This quickstart takes you from zero to a running capability in about five minutes. No code, no scaffolding — just one YAML file and the Ikanos engine.

Prerequisite. Ikanos installed via Docker or native binary. See Installation. To author the file with inline validation you can also install Crafter (the VS Code extension); to lint before running, install Polychro — both are optional for this page.
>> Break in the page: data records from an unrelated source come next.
(* \bar s_ij^(r): coefficient of u^r in
   \bar s_ij(u) = q \bar t_i1(u) t_j2(u^-1) - \bar t_i2(u) t_j1(u^-1). *)
Definition sb_coef (q : C) (i j : 'I_2) (r : nat) : term :=
  tsum (iota 0 r.+1) (fun a =>
    Add (Mul (Cst q) (Mul (tbN i i1 a) (tN j i2 (r - a))))
        (Mul (Cst (-1)) (Mul (tbN i i2 a) (tN j i1 (r - a))))).

(* Membership in the subalgebra Y'_q(sp_2) of U^ext_q(\hat gl_2), generated
   by the coefficients of the s_ij(u) and by the inverse of s_12^(0). *)
Inductive inY (q : C) : term -> Prop :=
| Y_cst c : inY q (Cst c)
| Y_s i j r : inY q (s_coef q i j r)
| Y_sinv x : aeq q (Mul x (s_coef q i1 i2 0)) (Cst 1) ->
             aeq q (Mul (s_coef q i1 i2 0) x) (Cst 1) -> inY q x
| Y_add x y : inY q x -> inY q y -> inY q (Add x y)
| Y_mul x y : inY q x -> inY q y -> inY q (Mul x y)
| Y_eq x y : inY q x -> aeq q x y -> inY q y.

Definition is_lideal (q : C) (L : term -> Prop) : Prop :=
  [/\ (forall x y, aeq q x y -> L x -> L y),
      (forall x, L x -> inY q x),
      L (Cst 0),
      (forall x y, L x -> L y -> L (Add x y)) &
      (forall y x, inY q y -> L x -> L (Mul y x))].

(* Generators of the left ideal defining the Verma module:
   coefficients of s_11(u), s_21(u) - mu(u), \bar s_21(u) - \bar mu(u). *)
Definition verma_gen (q : C) (mu mub : nat -> C) (x : term) : Prop :=
  exists r : nat,
    [\/ x = s_coef q i1 i1 r,
        x = Add (s_coef q i2 i1 r) (Cst (- mu r)) |
        x = Add (sb_coef q i2 i1 r) (Cst (- mub r))].

(* Y'/L is an irreducible quotient of the Verma module Y'/J, i.e. L is a
   left ideal of Y' containing J, proper, and maximal among proper left
   ideals. (By the paper, this quotient is unique: it is V(mu(u);\bar mu(u)).) *)
Definition irr_verma_quot (q : C) (mu mub : nat -> C) (L : term -> Prop) : Prop :=
  [/\ is_lideal q L,
      (forall g, verma_gen q mu mub g -> L g),
      ~ L (Cst 1) &
      (forall L' : term -> Prop, is_lideal q L' -> (forall x, L x -> L' x) ->
          ~ L' (Cst 1) -> forall x, L' x -> L x)].

(* Y'/L is finite-dimensional over C: finitely many elements of Y' span it. *)
Definition fin_dim_quot (q : C) (L : term -> Prop) : Prop :=
  exists bs : seq term,
    (forall k, (k < size bs)%N -> inY q (nth (Cst 0) bs k)) /\
    forall y, inY q y -> exists cs : seq C,
      L (Add y (Mul (Cst (-1))
                    (tsum (zip cs bs) (fun p => Mul (Cst p.1) p.2)))).

(* Write s_ij for s_ij^(0). Since t_12^(0) = \bar t_21^(0) = 0, the element
   s_12 = q t_11^(0) \bar t_22^(0) is invertible in Y'_q(sp_2), and
   e = s_12^-1 s_11, f = s_12^-1 s_22, h = q (f e - s_12^-1 s_21) satisfy
   e f = q^2 f e + (q - q^3)(1 - h) and h f = q^4 f h. These identities only
   involve the degree-zero generators and are checked by rewriting words into
   a normal form with the quadratic RTT relations.
   If mu^(0) = 0, then e and h lie in the left ideal L, so modulo L
   e^j f^k = c_jk f^(k-j) with c_jk = 0 for k < j and c_kk <> 0 because q is
   not a root of unity. Finite dimensionality gives a relation
   sum_(k <= K) a_k f^k in L with a_K <> 0; applying e^K puts the nonzero
   scalar a_K c_KK in L. If \bar mu^(0) = 0, then L contains the unit
   \bar s_21^(0) = - \bar t_22^(0) t_11^(0). Either way L is not proper. *)

From HB Require Import structures.
From mathcomp Require Import all_boot all_order all_algebra.
From mathcomp Require Import complex.
From mathcomp Require Import Rstruct.
From mathcomp Require Import ring.
From Stdlib Require Import Setoid Morphisms PeanoNat IndefiniteDescription.
Import Order.TTheory GRing.Theory Num.Theory.
Local Open Scope ring_scope.

#[export] Instance aeq_equiv (q : C) : Equivalence (aeq q).
Proof. split; [exact: ae_refl | exact: ae_sym | exact: ae_trans]. Qed.
#[export] Instance Add_aeq_proper (q : C) : Proper (aeq q ==> aeq q ==> aeq q) Add.
Proof. by move=> ? ? ? ? ? ?; apply: ae_add. Qed.
#[export] Instance Mul_aeq_proper (q : C) : Proper (aeq q ==> aeq q ==> aeq q) Mul.
Proof. by move=> ? ? ? ? ? ?; apply: ae_mul. Qed.

#[export] Hint Resolve ae_refl : core.

Notation m1 := (Cst (-1)).

Section AlgebraLaws.
Context {q : C}.
Local Notation "x ~ y" := (aeq q x y) (at level 70).

Lemma ae_addr0 x : Add x (Cst 0) ~ x.
Proof. by rewrite ae_addC ae_add0. Qed.

Lemma ae_addNl x : Add (Mul m1 x) x ~ Cst 0.
Proof. by rewrite ae_addC ae_addN. Qed.

Lemma ae_mul0l x : Mul (Cst 0) x ~ Cst 0.
Proof.
set z := Mul (Cst 0) x.
have zD : z ~ Add z z by rewrite /z -ae_mulDl -ae_cstD addr0.
by rewrite -(ae_addN q z) {2}zD -ae_addA ae_addN ae_addr0.
Qed.

Lemma ae_mul0r x : Mul x (Cst 0) ~ Cst 0.
Proof. by rewrite -ae_cstC ae_mul0l. Qed.

Lemma ae_scaleA a b x : Mul (Cst a) (Mul (Cst b) x) ~ Mul (Cst (a * b)) x.
Proof. by rewrite ae_mulA -ae_cstM. Qed.

Lemma ae_scale_mull a y z : Mul (Mul (Cst a) y) z ~ Mul (Cst a) (Mul y z).
Proof. by rewrite ae_mulA. Qed.

Lemma ae_scale_mulr a y z : Mul y (Mul (Cst a) z) ~ Mul (Cst a) (Mul y z).
Proof. by rewrite ae_mulA -(ae_cstC q a y) -ae_mulA. Qed.

Lemma ae_addACA a b c d : Add (Add a b) (Add c d) ~ Add (Add a c) (Add b d).
Proof.
rewrite -(ae_addA q a b) (ae_addA q b c d) (ae_addC q b c).
by rewrite -(ae_addA q c b d) (ae_addA q a c).
Qed.

Lemma ae_subr_eq0 x y : Add x (Mul m1 y) ~ Cst 0 -> x ~ y.
Proof. by move=> xy0; rewrite -(ae_addr0 x) -(ae_addNl y) ae_addA xy0 ae_add0. Qed.

Lemma ae_subr0 x : Add x (Mul m1 (Cst 0)) ~ x.
Proof. by rewrite ae_mul0r ae_addr0. Qed.

Lemma ae_subKC x y z : Add (Add x (Mul m1 y)) (Add y (Mul m1 z)) ~ Add x (Mul m1 z).
Proof. by rewrite -(ae_addA q x) (ae_addA q _ y) ae_addNl ae_add0. Qed.

Lemma ae_mulrBr w x y : Mul w (Add x (Mul m1 y)) ~ Add (Mul w x) (Mul m1 (Mul w y)).
Proof. by rewrite ae_mulDr ae_scale_mulr. Qed.

Lemma ae_opprB x y : Mul m1 (Add x (Mul m1 y)) ~ Add y (Mul m1 x).
Proof. by rewrite ae_mulDr ae_scaleA mulrNN mulr1 ae_mul1l ae_addC. Qed.

Lemma ae_subDD x1 y1 x2 y2 :
  Add (Add x1 (Mul m1 y1)) (Add x2 (Mul m1 y2)) ~ Add (Add x1 x2) (Mul m1 (Add y1 y2)).
Proof. by rewrite ae_addACA (ae_mulDr q m1 y1). Qed.

End AlgebraLaws.

(* Comparisons go through [Nat.eqb] rather than [==] so that [cbv] evaluates them. *)
Definition ord_eqb (i j : 'I_2) := Nat.eqb i j.

Lemma ord_eqbP {i j} : ord_eqb i j = true -> i = j.
Proof. by move/Nat.eqb_eq; apply: val_inj. Qed.

Definition gen_eqb (g h : gen) : bool :=
  match g, h with
  | GT i j r, GT i' j' r' | GTb i j r, GTb i' j' r' =>
      ord_eqb i i' && ord_eqb j j' && Nat.eqb r r'
  | GTinv i, GTinv i' | GTbinv i, GTbinv i' => ord_eqb i i'
  | _, _ => false
  end.

Lemma gen_eqbP {g h} : gen_eqb g h = true -> g = h.
Proof.
case: g h => [i j r|i j r|i|i] [i' j' r'|i' j' r'|i'|i'] //=;
  by [case/andP=> /andP[/ord_eqbP -> /ord_eqbP ->] /Nat.eqb_eq -> | move/ord_eqbP ->].
Qed.

Fixpoint word_eqb (u w : seq gen) : bool :=
  match u, w with
  | [::], [::] => true
  | x :: u', y :: w' => gen_eqb x y && word_eqb u' w'
  | _, _ => false
  end.

Lemma word_eqbP {u w} : word_eqb u w = true -> u = w.
Proof. by elim: u w => [|x u IH] [|y w] //= /andP[/gen_eqbP -> /IH ->]. Qed.

(** * Noncommutative normal forms *)

Definition ncpoly := seq (C * seq gen).

Definition word_term (w : seq gen) : term := foldr (fun g t => Mul (Gv g) t) (Cst 1) w.
Definition ncpoly_term (p : ncpoly) : term :=
  foldr (fun m t => Add (Mul (Cst m.1) (word_term m.2)) t) (Cst 0) p.

Definition ncpoly_scale (c : C) (u v : seq gen) (p : ncpoly) : ncpoly :=
  map (fun m => (c * m.1, u ++ m.2 ++ v)) p.

Fixpoint ncpoly_mul (p1 p2 : ncpoly) : ncpoly :=
  if p1 is m :: p then ncpoly_scale m.1 m.2 [::] p2 ++ ncpoly_mul p p2 else [::].

Fixpoint ncpoly_of_term (x : term) : ncpoly :=
  match x with
  | Cst c => [:: (c, [::])]
  | Gv g => [:: (1, [:: g])]
  | Add x y => ncpoly_of_term x ++ ncpoly_of_term y
  | Mul x y => ncpoly_mul (ncpoly_of_term x) (ncpoly_of_term y)
  end.

Section NormalForm.
Context {q : C}.
Local Notation "x ~ y" := (aeq q x y) (at level 70).

Lemma word_term_cat u w : word_term (u ++ w) ~ Mul (word_term u) (word_term w).
Proof.
elim: u => [|g u IH] /=; first by rewrite ae_mul1l.
by rewrite IH ae_mulA.
Qed.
This is the single-capability path. Once you're comfortable, jump to First fleet to run several capabilities together under one fleet — the canonical Naftiko Fleet pattern with Polychro linting and Skipper orchestration.


1. Write the capability

Create a file called hello.naftiko.yml (in VS Code with the Crafter extension, you'll get inline schema validation as you type):

ikanos: "1.0.0-alpha3"

info:
  display: Hello Shipyard
  description: A minimal MCP capability that greets you back.

capability:
  exposes:
    - type: mcp
      port: 3001
      namespace: hello-tools
      description: "Demo MCP server for Shipyard quickstart"
      tools:                              # alpha3 — keyed map by tool name
        greet:
          description: "Greet a user by name"
          inputParameters:                # alpha3 — keyed map
            who:
              type: string
              required: true
              description: "Person to greet"
          outputParameters:
            - name: message
              type: string
              value: "Hello, {{who}}! Welcome to the Shipyard."

That's a complete capability. No consumes block needed — value: with a Mustache template returns static + dynamic data directly.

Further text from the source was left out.